Attempted solution #2
builder = SparkSession.builder
builder = builder.config("spark.jars.packages", "org.apache.hadoop:hadoop-aws:2.8.5,org.apache.hadoop:hadoop-common:2.8.5,com.amazonaws:aws-java-sdk-s3:1.10.6")
builder = builder.config("spark.hadoop.fs.s3a.aws.credentials.provider", "org.apache.hadoop.fs.s3a.TemporaryAWSCredentialsProvider")
builder = builder.config("spark.hadoop.fs.s3a.impl", "org.apache.hadoop.fs.s3a.S3AFileSystem")
builder = builder.config("spark.hadoop.fs.s3a.access.key", os.environ.get("AWS_ACCESS_KEY_ID"))
builder = builder.config("spark.hadoop.fs.s3a.secret.key", os.environ.get("AWS_SECRET_ACCESS_KEY"))

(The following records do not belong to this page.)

Definition Pmod a : wHmod F := mod2 (mx2 a 0 0 (- a)) (mx2 0 (1 - a ^+ 2) 1 0).
Definition M1mod s : wHmod F := mod1 s 0.
Definition M2mod s : wHmod F := mod2 (mx2 s 0 0 (- s)) (mx2 0 0 1 0).
Definition Nmod e : wHmod F := mod1 0 e.

Lemma wiso_tens_Pmod a b : 1 - (a * b) ^+ 2 != 0 ->
  wiso (wtens (Pmod a) (Pmod b)) (wsum (Pmod (a * b)) (Pmod (a * b))).
Proof.
move=> D_neq0; pose D := 1 - (a * b) ^+ 2.
by intertwine
  (mxrows [:: [:: 1; 0; 0; 0]; [:: 0; a * (1 - b ^+ 2) / D; (1 - a ^+ 2) / D; 0];
              [:: 0; 0; 0; 1]; [:: 0; 1 / D; - a / D; 0]])
  (mxrows [:: [:: 1; 0; 0; 0]; [:: 0; a; 0; 1 - a ^+ 2];
              [:: 0; 1; 0; - a * (1 - b ^+ 2)]; [:: 0; 0; 1; 0]]).
Qed.

Lemma wiso_tens_Pmod_M2sum a b : a * b = -1 ->
  wiso (wtens (Pmod a) (Pmod b)) (wsum (M2mod 1) (M2mod (-1))).
Proof.
move=> ab; have a0 : a != 0.
  by apply: contra_eq_neq ab => ->; rewrite mul0r eq_sym oppr_eq0 oner_eq0.
have -> : b = - a^-1 by rewrite -[b]mul1r -(mulVf a0) -mulrA ab mulrN1.
pose c := a * (1 - a ^- 2).
by intertwine
  (mxrows [:: [:: 0; 1; - a; 0]; [:: 0; 0; 0; 1]; [:: 1; 0; 0; - c]; [:: 0; 0; 1; 0]])
  (mxrows [:: [:: 0; c; 1; 0]; [:: 1; 0; 0; a]; [:: 0; 0; 0; 1]; [:: 0; 1; 0; 0]]).
Qed.

Lemma wiso_tens_M1mod_Pmod s a : s = 1 \/ s = -1 -> 1 - a ^+ 2 != 0 ->
  wiso (wtens (M1mod s) (Pmod a)) (wpow (Pmod a) 1).
Proof.
move=> [] -> D_neq0; first by intertwine mxid mxid.
pose D := 1 - a ^+ 2.
by intertwine (mxrows [:: [:: 0; 1]; [:: - 1 / D; 0]]) (mxrows [:: [:: 0; - D]; [:: 1; 0]]).
Qed.

Lemma wiso_tens_Pmod_M1mod s a : s = 1 \/ s = -1 -> 1 - a ^+ 2 != 0 ->
  wiso (wtens (Pmod a) (M1mod s)) (wpow (Pmod a) 1).
Proof.
move=> [] -> D_neq0; first by intertwine mxid mxid.
pose D := 1 - a ^+ 2.
by intertwine (mxrows [:: [:: 0; 1]; [:: 1 / D; 0]]) (mxrows [:: [:: 0; D]; [:: 1; 0]]).
Qed.

Lemma wiso_tens_M2mod_Pmod s a : s = 1 \/ s = -1 -> 1 - a ^+ 2 != 0 ->
  wiso (wtens (M2mod s) (Pmod a)) (wpow (Pmod a) 2).
Proof.
move=> [] -> D_neq0; pose D := 1 - a ^+ 2.
  by intertwine
    (mxrows [:: [:: 1; 0; 0; 0]; [:: 0; 1; 0; 0]; [:: 0; 0; 0; 1]; [:: 0; 1 / D; - 1 / D; 0]])
    (mxrows [:: [:: 1; 0; 0; 0]; [:: 0; 1; 0; 0]; [:: 0; 1; 0; - D]; [:: 0; 0; 1; 0]]).
by intertwine
  (mxrows [:: [:: 0; 1; 0; 0]; [:: - 1 / D; 0; 0; 0]; [:: 0; 0; 1; 0]; [:: 1 / D; 0; 0; 1]])
  (mxrows [:: [:: 0; - D; 0; 0]; [:: 1; 0; 0; 0]; [:: 0; 0; 1; 0]; [:: 0; 1; 0; 1]]).
Qed.

Lemma wiso_tens_Pmod_M2mod s a : s = 1 \/ s = -1 -> 1 - a ^+ 2 != 0 ->
  wiso (wtens (Pmod a) (M2mod s)) (wpow (Pmod a) 2).
Proof.
move=> [] -> D_neq0; pose D := 1 - a ^+ 2.
  by intertwine
    (mxrows [:: [:: 1; 0; 0; 0]; [:: 0; 0; 1; 0]; [:: 0; 0; 0; 1]; [:: 0; 1 / D; - a / D; 0]])
    (mxrows [:: [:: 1; 0; 0; 0]; [:: 0; a; 0; D]; [:: 0; 1; 0; 0]; [:: 0; 0; 1; 0]]).
by intertwine
  (mxrows [:: [:: 0; 1; 0; 0]; [:: a / D; 0; 0; 1]; [:: 0; 0; 1; 0]; [:: 1 / D; 0; 0; 0]])
  (mxrows [:: [:: 0; 0; 0; D]; [:: 1; 0; 0; 0]; [:: 0; 0; 1; 0]; [:: 0; 1; 0; - a]]).
Qed.

Lemma wiso_tens_M2mod_M2mod s t : s = 1 \/ s = -1 -> t = 1 \/ t = -1 ->
  wiso (wtens (M2mod s) (M2mod t)) (wsum (M2mod 1) (M2mod (-1))).
Proof.
have same r : r = 1 \/ r = -1 -> wiso (wtens (M2mod r) (M2mod r)) (wsum (M2mod 1) (M2mod (-1))).
  by move=> hr; intertwine
    (mxrows [:: [:: 1; 0; 0; 0]; [:: 0; 0; 1; 0]; [:: 0; 1; - r; 0]; [:: 0; 0; 0; 1]])
    (mxrows [:: [:: 1; 0; 0; 0]; [:: 0; r; 1; 0]; [:: 0; 1; 0; 0]; [:: 0; 0; 0; 1]]).
have opp r r' : r = 1 \/ r = -1 -> r' = - r ->
    wiso (wtens (M2mod r) (M2mod r')) (wsum (M2mod 1) (M2mod (-1))).
  by move=> hr ->; intertwine
    (mxrows [:: [:: 0; 1; - r; 0]; [:: 0; 0; 0; 1]; [:: 1; 0; 0; 0]; [:: 0; 0; 1; 0]])
    (mxrows [:: [:: 0; 0; 1; 0]; [:: 1; 0; 0; r]; [:: 0; 0; 0; 1]; [:: 0; 1; 0; 0]]).
case=> -> [] ->.
- by apply: same; left.
- by apply: opp => //; left.
- by apply: opp; [right | rewrite opprK].
- by apply: same; right.
Qed.

Lemma wiso_tens_M1mod_M1mod s t : wiso (wtens (M1mod s) (M1mod t)) (M1mod (s * t)).
Proof. by intertwine mxid mxid. Qed.

Lemma wiso_tens_M1mod_M2mod s t : s = 1 \/ s = -1 ->
  wiso (wtens (M1mod s) (M2mod t)) (M2mod (s * t)).
Proof.
by move=> hs; intertwine (mxrows [:: [:: 1; 0]; [:: 0; s]]) (mxrows [:: [:: 1; 0]; [:: 0; s]]).
Qed.

Lemma wiso_tens_M2mod_M1mod s t : wiso (wtens (M2mod s) (M1mod t)) (M2mod (s * t)).
Proof. by intertwine mxid mxid. Qed.

Lemma wiso_tens_Nmod_Nmod e d : wiso (wtens (Nmod e) (Nmod d)) (Nmod e).
Proof. by intertwine mxid mxid. Qed.

Lemma wiso_tens_M1mod_Nmod s e : wiso (wtens (M1mod s) (Nmod e)) (Nmod (e * s)).
Proof. by intertwine mxid mxid. Qed.

Lemma wiso_tens_M2mod_Nmod s e : s = 1 \/ s = -1 -> e = 1 \/ e = -1 ->
  wiso (wtens (M2mod s) (Nmod e)) (M0 F).
Proof.
by move=> hs he;
  intertwine (mxrows [:: [:: 1; - (s * e)]; [:: 0; 1]]) (mxrows [:: [:: 1; s * e]; [:: 0; 1]]).
Qed.

Lemma wiso_tens_Nmod_M1mod e s : wiso (wtens (Nmod e) (M1mod s)) (wpow (Nmod e) 1).
Proof. by intertwine mxid mxid. Qed.

Lemma wiso_tens_Nmod_M2mod e s : wiso (wtens (Nmod e) (M2mod s)) (wpow (Nmod e) 2).
Proof. by intertwine mxid mxid. Qed.

Lemma wiso_tens_Nmod_Pmod e a : wiso (wtens (Nmod e) (Pmod a)) (wsum (Nmod e) (Nmod e)).
Proof. by intertwine mxid mxid. Qed.

Lemma wiso_tens_Pmod_Nmod a e : e = 1 \/ e = -1 -> wiso (wtens (Pmod a) (Nmod e)) (M0 F).
Proof.
by move=> he;
  intertwine (mxrows [:: [:: 1; - (e * a)]; [:: 0; 1]]) (mxrows [:: [:: 1; e * a]; [:: 0; 1]]).
Qed.

Lemma wiso_tens_Nmod_M0 e : wiso (wtens (Nmod e) (M0 F)) (wsum (Nmod e) (Nmod e)).
Proof. by intertwine mxid mxid. Qed.

Lemma wiso_tens_M0_Nmod e : wiso (wtens (M0 F) (Nmod e)) (M0 F).
Proof. by intertwine mxid mxid. Qed.

Lemma wiso_tens_M0_M0 : wiso (wtens (M0 F) (M0 F)) (wsum (M0 F) (M0 F)).
Proof. by intertwine mxswap12 mxswap12. Qed.

Lemma wiso_tens_M0_M1mod s : wiso (wtens (M0 F) (M1mod s)) (wpow (M0 F) 1).
Proof. by intertwine mxid mxid. Qed.

Lemma wiso_tens_M0_M2mod s : wiso (wtens (M0 F) (M2mod s)) (wpow (M0 F) 2).
Proof. by intertwine mxswap12 mxswap12. Qed.

Lemma wiso_tens_M1mod_M0 s : s = 1 \/ s = -1 -> wiso (wtens (M1mod s) (M0 F)) (wpow (M0 F) 1).
Proof.
by move=> hs; intertwine (mxrows [:: [:: 1; 0]; [:: 0; s]]) (mxrows [:: [:: 1; 0]; [:: 0; s]]).
Qed.

Lemma wiso_tens_M2mod_M0 s : s = 1 \/ s = -1 -> wiso (wtens (M2mod s) (M0 F)) (wpow (M0 F) 2).
Proof.
by move=> hs; intertwine
  (mxrows [:: [:: 1; 0; 0; 0]; [:: 0; s; 0; 0]; [:: 0; - s; 1; 0]; [:: 0; 0; 0; - s]])
  (mxrows [:: [:: 1; 0; 0; 0]; [:: 0; s; 0; 0]; [:: 0; 1; 1; 0]; [:: 0; 0; 0; - s]]).
Qed.

Lemma wiso_tens_M0_Pmod a : wiso (wtens (M0 F) (Pmod a)) (wsum (M0 F) (M0 F)).
Proof. by intertwine mxswap12 mxswap12. Qed.

Lemma wiso_tens_Pmod_M0 a : wiso (wtens (Pmod a) (M0 F)) (wsum (M0 F) (M0 F)).
Proof.
by intertwine
  (mxrows [:: [:: 1; 0; 0; - a]; [:: 0; 0; 1; 0]; [:: 0; 1; - a; 0]; [:: 0; 0; 0; 1]])
  (mxrows [:: [:: 1; 0; 0; a]; [:: 0; a; 1; 0]; [:: 0; 1; 0; 0]; [:: 0; 0; 0; 1]]).
Qed.

End TensorProducts.

Lemma signr_pm1 (R : idomainType) (i : nat) : (-1) ^+ i = 1 :> R \/ (-1) ^+ i = -1 :> R.
Proof. by rewrite -signr_odd; case: (odd i); [right; rewrite expr1 | left]. Qed.

Section RootOfUnity.
Variables (F : fieldType) (n : nat) (q : F).
Hypotheses (n_gt0 : (0 < n)%N) (q_prim : (2 * n).-primitive_root q).

Lemma prim_expr_half : q ^+ n = -1.
Proof.
have /eqP : (q ^+ n) ^+ 2 = 1 by rewrite -exprM mulnC (prim_expr_order q_prim).
rewrite sqrf_eq1 => /orP [/eqP qn1 | /eqP //].
have : (2 * n %| n)%N by rewrite (prim_order_dvd q_prim) qn1.
by rewrite gtnNdvd //; lia.
Qed.

Lemma prim_expr_sqr_neq1 m : ~~ (n %| m)%N -> 1 - (q ^+ m) ^+ 2 != 0.
Proof.
move=> ndvd; rewrite subr_eq0 eq_sym -exprM -(prim_order_dvd q_prim) (mulnC m 2).
by rewrite dvdn_pmul2l.
Qed.

Lemma Pj_Pmod j : Pj q j = Pmod (q ^+ j).
Proof. by rewrite /Pj /Pmod mulnC exprM. Qed.

End RootOfUnity.

Section Signs.
Variables (F : fieldType) (n : nat).
Hypothesis n_gt0 : (0 < n)%N.

Lemma sgn0 : sgn F n 0 = 1.
Proof. by rewrite /sgn div0n. Qed.

Lemma sgnn : sgn F n n = -1.
Proof. by rewrite /sgn divnn n_gt0. Qed.

Lemma sgn_addmod s t : (s == 0%N) || (s == n) -> (t == 0%N) || (t == n) ->
  sgn F n ((s + t) %% (2 * n)) = sgn F n s * sgn F n t.
Proof.
move=> /orP [] /eqP -> /orP [] /eqP ->; rewrite ?sgn0 ?sgnn ?mul1r ?mulr1.
- by rewrite mod0n sgn0.
- by rewrite modn_small ?sgnn //; lia.
- by rewrite addn0 modn_small ?sgnn //; lia.
- by rewrite addnn -mul2n modnn sgn0 mulrNN mulr1.
Qed.

End Signs.

Theorem theorem5p3 (F : closedFieldType) (hchar : [pchar F] =i pred0)
  (n : nat) (hn : (2 <= n)%N) (q : F) (hq : (2 * n).-primitive_root q) :
  (* (1) *)
  (forall i j : nat, (1 <= i <= n - 1)%N -> (1 <= j <= n - 1)%N ->
     (n %| i + j)%N ->
     wiso (wtens (Pj q i) (Pj q j)) (wsum (M2 F n 0) (M2 F n n))) /\
  (forall i j : nat, (1 <= i <= n - 1)%N -> (1 <= j <= n - 1)%N ->
     ~~ (n %| i + j)%N ->
     wiso (wtens (Pj q i) (Pj q j)) (wsum (Pj q (i + j)) (Pj q (i + j)))) /\
  (* (2) *)
  (forall k s j : nat, (k == 1%N) || (k == 2%N) -> (s == 0%N) || (s == n) ->
     (1 <= j <= n - 1)%N ->
     wiso (wtens (Mks F n k s) (Pj q j)) (wpow (Pj q j) k) /\
     wiso (wpow (Pj q j) k) (wtens (Pj q j) (Mks F n k s))) /\
  (* (3) *)
  (forall k l s j : nat, (k == 1%N) || (k == 2%N) -> (l == 1%N) || (l == 2%N) ->
     (s == 0%N) || (s == n) -> (j == 0%N) || (j == n) ->
     (k + l = 4)%N ->
     wiso (wtens (Mks F n k s) (Mks F n l j)) (wsum (M2 F n 0) (M2 F n n))) /\
  (forall k l s j : nat, (k == 1%N) || (k == 2%N) -> (l == 1%N) || (l == 2%N) ->
     (s == 0%N) || (s == n) -> (j == 0%N) || (j == n) ->
     (k + l < 4)%N ->
     wiso (wtens (Mks F n k s) (Mks F n l j))
          (Mks F n (k + l - 1) ((s + j) %% (2 * n)))) /\
  (* (4) *)
  (forall i j : nat, (i <= 1)%N -> (j <= 1)%N ->
     wiso (wtens (Ni F i) (Ni F j)) (Ni F i)) /\
  (* (5) *)
  (forall s j : nat, (s == 0%N) || (s == n) -> (j <= 1)%N ->
     wiso (wtens (M1 F n s) (Ni F j)) (Ni F ((j + s %/ n) %% 2)) /\
     wiso (wtens (M2 F n s) (Ni F j)) (M0 F)) /\
  (* (6) *)
  (forall k s j : nat, (k == 1%N) || (k == 2%N) -> (s == 0%N) || (s == n) ->
     (j <= 1)%N ->
     wiso (wtens (Ni F j) (Mks F n k s)) (wpow (Ni F j) k)) /\
  (* (7) *)
  (forall i j : nat, (i <= 1)%N -> (1 <= j <= n - 1)%N ->
     wiso (wtens (Ni F i) (Pj q j)) (wsum (Ni F i) (Ni F i)) /\
     wiso (wtens (Pj q j) (Ni F i)) (M0 F)) /\
  (* (8) *)
  (forall i : nat, (i <= 1)%N ->
     wiso (wtens (Ni F i) (M0 F)) (wsum (Ni F i) (Ni F i)) /\
     wiso (wtens (M0 F) (Ni F i)) (M0 F)) /\
  (* (9) *)
  wiso (wtens (M0 F) (M0 F)) (wsum (M0 F) (M0 F)) /\
  (* (10) *)
  (forall k s : nat, (k == 1%N) || (k == 2%N) -> (s == 0%N) || (s == n) ->
     wiso (wtens (M0 F) (Mks F n k s)) (wpow (M0 F) k) /\
     wiso (wpow (M0 F) k) (wtens (Mks F n k s) (M0 F))) /\
  (* (11) *)
  (forall j : nat, (1 <= j <= n - 1)%N ->
     wiso (wtens (M0 F) (Pj q j)) (wsum (M0 F) (M0 F)) /\
     wiso (wsum (M0 F) (M0 F)) (wtens (Pj q j) (M0 F))).
Proof.
have n_gt0 : (0 < n)%N by lia.
have sgn_pm1 s : sgn F n s = 1 \/ sgn F n s = -1 by apply: signr_pm1.
have Ni_pm1 i : (-1) ^+ i = 1 :> F \/ (-1) ^+ i = -1 :> F by apply: signr_pm1.
have Pj_reg j : (1 <= j <= n - 1)%N -> 1 - (q ^+ j) ^+ 2 != 0.
  by move=> hj; apply: (prim_expr_sqr_neq1 hq); rewrite gtnNdvd //; lia.
repeat match goal with |- _ /\ _ => split end.
- move=> i j hi hj /dvdnP [[|[|k]] sum_ij]; try lia.
  rewrite !Pj_Pmod /M2 sgn0 sgnn //; apply: wiso_tens_Pmod_M2sum.
  by rewrite -exprD sum_ij mul1n (prim_expr_half n_gt0 hq).
- move=> i j hi hj hij; rewrite !Pj_Pmod exprD; apply: wiso_tens_Pmod.
  by rewrite -exprD; apply: (prim_expr_sqr_neq1 hq).
- move=> k s j /orP [] /eqP -> _ /Pj_reg a_reg; rewrite Pj_Pmod.
  + by split; [apply: wiso_tens_M1mod_Pmod | apply/wiso_sym/wiso_tens_Pmod_M1mod].
  + by split; [apply: wiso_tens_M2mod_Pmod | apply/wiso_sym/wiso_tens_Pmod_M2mod].
- move=> k l s t /orP [] /eqP -> /orP [] /eqP -> //= _ _ _.
  by rewrite /M2 sgn0 ?sgnn //; apply: wiso_tens_M2mod_M2mod.
- move=> k l s t /orP [] /eqP -> /orP [] /eqP -> //= hs ht _;
    rewrite /Mks /M1 /M2 sgn_addmod //.
  + exact: wiso_tens_M1mod_M1mod.
  + exact: wiso_tens_M1mod_M2mod.
  + exact: wiso_tens_M2mod_M1mod.
- by move=> i j _ _; apply: wiso_tens_Nmod_Nmod.
- move=> s j _ _; split; last exact: wiso_tens_M2mod_Nmod.
  by rewrite /Ni modn2 signr_odd exprD; apply: wiso_tens_M1mod_Nmod.
- by move=> k s j /orP [] /eqP -> _ _; [apply: wiso_tens_Nmod_M1mod | apply: wiso_tens_Nmod_M2mod].
- move=> i j _ _; rewrite Pj_Pmod.
  by split; [apply: wiso_tens_Nmod_Pmod | apply: wiso_tens_Pmod_Nmod].
- by move=> i _; split; [apply: wiso_tens_Nmod_M0 | apply: wiso_tens_M0_Nmod].
- exact: wiso_tens_M0_M0.
- move=> k s /orP [] /eqP -> _.
  + by split; [apply: wiso_tens_M0_M1mod | apply/wiso_sym/wiso_tens_M1mod_M0].
  + by split; [apply: wiso_tens_M0_M2mod | apply/wiso_sym/wiso_tens_M2mod_M0].
- move=> j _; rewrite Pj_Pmod.
  by split; [apply: wiso_tens_M0_Pmod | apply/wiso_sym/wiso_tens_Pmod_M0].
Qed.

builder = builder.config("spark.hadoop.fs.s3a.session.token", os.environ.get("AWS_SESSION_TOKEN"))
- Instead of providing
jarsI use--packagesit installs the dependencies as well. However, I end up with the following error when trying to read from S3:
java.lang.IllegalAccessError: tried to access method org.apache.hadoop.metrics2.lib.MutableCounterLong.<init>(Lorg/apache/hadoop/metrics2/MetricsInfo;J)V from class org.apache.hadoop.fs.s3a.S3AInstrumentation
...
My research
- Spark uses s3a: java.lang.NoSuchMethodError
- NoClassDefFoundError: org/apache/hadoop/fs/StreamCapabilities while reading s3 Data with spark
- https://hadoop.apache.org/docs/r3.1.0/hadoop-aws/tools/hadoop-aws/troubleshooting_s3a.html#java.lang.NoSuchMethodError_referencing_an_org.apache.hadoop_class
From that, I conclude that my problem has to do with hadoop-aws dependencies. However, I'm having a problem checking this. The versions of Hadoop running with Spark are the same as the jars that I use when connecting and I'm providing all the dependencies.
- Any tools or commands to run for debugging this issue would be helpful.